(Collected data entries)
(* Let $A\subseteq\mathcal{R}$ be outer measurable and let $I$ be an interval in $\mathcal{R}$. Then $A\cap I$ is outer measurable.
   Context: $\mathcal{R}$ denotes the Levi-Civita field: functions $x:\mathbb{Q}\to\mathbb{R}$ with left-finite support, with componentwise addition and formal power series multiplication, ordered by $x>0$ iff $x\ne0$ and $x[\min\operatorname{supp}x]>0$; it is a non-Archimedean ordered field extension of $\mathbb{R}$, Cauchy complete in the order topology, in which all limits and series are taken (a series $\sum a_n$ converges iff $a_n\to0$). An interval is a set $[a,b],[a,b),(a,b]$ or $(a,b)$ with $a<b$ in $\mathcal{R}$, of length $l=b-a$. A cover of $A\subseteq\mathcal{R}$ is a sequence of intervals $(S_n)_{n\ge1}$ with $A\subseteq\bigcup_n S_n$ and $\sum_n l(S_n)$ convergent in $\mathcal{R}$. $A$ is called outer measurable if the infimum $\inf\{\sum_n l(S_n): (S_n)\text{ a cover of }A\}$ exists in $\mathcal{R}$; this infimum is then called the outer measure $M_u(A)$. *)

From mathcomp Require Import all_boot all_order all_algebra.
From Stdlib Require Import Reals.
Set Implicit Arguments. Unset Strict Implicit. Unset Printing Implicit Defensive.
Import Order.TTheory GRing.Theory Num.Theory.

(** * The Levi-Civita field (additive ordered group structure)
    Elements: functions x : Q -> R with left-finite support, i.e. for every
    q : Q only finitely many t < q have x t <> 0. *)

Definition left_finite (x : rat -> R) : Prop :=
  forall q : rat, exists s : seq rat,
    forall t : rat, (t < q)%O -> x t <> R0 -> t \in s.

Definition LC := {x : rat -> R | left_finite x}.

Definition coef (x : LC) : rat -> R := proj1_sig x.

Lemma left_finite0 : left_finite (fun _ => R0).
Proof. by move=> q; exists [::] => t _ []. Qed.

Lemma left_finite_add (x y : LC) :
  left_finite (fun q => Rplus (coef x q) (coef y q)).
Proof.
move=> q; case: (proj2_sig x q) => s1 H1; case: (proj2_sig y q) => s2 H2.
exists (s1 ++ s2) => t tq Hne; rewrite mem_cat; apply/orP.
case: (Req_dec (coef x t) R0) => Hx.
- right; apply: H2 => // Hy; apply: Hne; rewrite /coef in Hx *; rewrite Hx Hy; exact: Rplus_0_r.
- by left; apply: H1.
Qed.

Lemma left_finite_opp (x : LC) : left_finite (fun q => Ropp (coef x q)).
Proof.
move=> q; case: (proj2_sig x q) => s H; exists s => t tq Hne; apply: H => // Hx.
by apply: Hne; rewrite /coef Hx Ropp_0.
Qed.

Definition LC0 : LC := exist _ _ left_finite0.
Definition LCadd (x y : LC) : LC := exist _ _ (left_finite_add x y).
Definition LCopp (x : LC) : LC := exist _ _ (left_finite_opp x).
Definition LCsub (x y : LC) : LC := LCadd x (LCopp y).

(** x > 0 iff x <> 0 and x[min supp x] > 0: there is q with x q > 0 and
    x t = 0 for all t < q (then q = min supp x). *)
Definition LCpos (x : LC) : Prop :=
  exists q : rat, Rlt R0 (coef x q) /\ forall t : rat, (t < q)%O -> coef x t = R0.

Definition LClt (x y : LC) : Prop := LCpos (LCsub y x).
Definition LCeq (x y : LC) : Prop := forall q, coef x q = coef y q.
Definition LCle (x y : LC) : Prop := LClt x y \/ LCeq x y.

## Your instructions
Take every line from the data that contains the word "LClt".

## Output
Definition LClt (x y : LC) : Prop := LCpos (LCsub y x).
Definition LCle (x y : LC) : Prop := LClt x y \/ LCeq x y.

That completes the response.